### What needs to be done
Starting at the top of the data and ending with the line that holds "- rewrite Nat.add_succ_r.", transcribe each line exactly; include both ends.

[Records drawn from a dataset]
Fixpoint chain_sum (i n : nat) : R :=
  match n with
  | O => 0
  | S n => chain_sum i n + Q (xs (i + n)) (xs (S (i + n)))
  end.

Lemma chain_sum_split (i m n : nat) :
  chain_sum i (m + n) = chain_sum i m + chain_sum (i + m) n.
Proof.
  induction n as [|n IH]; simpl.
  - rewrite Nat.add_0_r. ring.
  - rewrite Nat.add_succ_r. simpl. rewrite IH.
    replace (i + (m + n))%nat with (i + m + n)%nat by lia. ring.
Qed.

Lemma chain_sum_from_0 (n : nat) :
  sum_f_R0 (fun j => Q (xs j) (xs (S j))) n = chain_sum 0 (S n).
Proof.
  induction n as [|n IH]; [simpl; ring |].
  simpl sum_f_R0. rewrite IH. reflexivity.
Qed.

Lemma chain_increasing (i n : nat) :
  (forall j, (i <= j < i + n)%nat -> xs j < xs (S j)) ->
  forall p q, (i <= p)%nat -> (p < q)%nat -> (q <= i + n)%nat -> xs p < xs q.
Proof.
  intros Hinc p q Hp Hpq Hq. induction q as [|q IH]; [lia |].
  destruct (Nat.eq_dec p q) as [-> | Hne]; [apply Hinc; lia |].
  apply Rlt_trans with (xs q); [apply IH; lia | apply Hinc; lia].
Qed.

### Reply to the task
Fixpoint chain_sum (i n : nat) : R :=
  match n with
  | O => 0
  | S n => chain_sum i n + Q (xs (i + n)) (xs (S (i + n)))
  end.

Lemma chain_sum_split (i m n : nat) :
  chain_sum i (m + n) = chain_sum i m + chain_sum (i + m) n.
Proof.
  induction n as [|n IH]; simpl.
  - rewrite Nat.add_0_r. ring.
  - rewrite Nat.add_succ_r. simpl. rewrite IH.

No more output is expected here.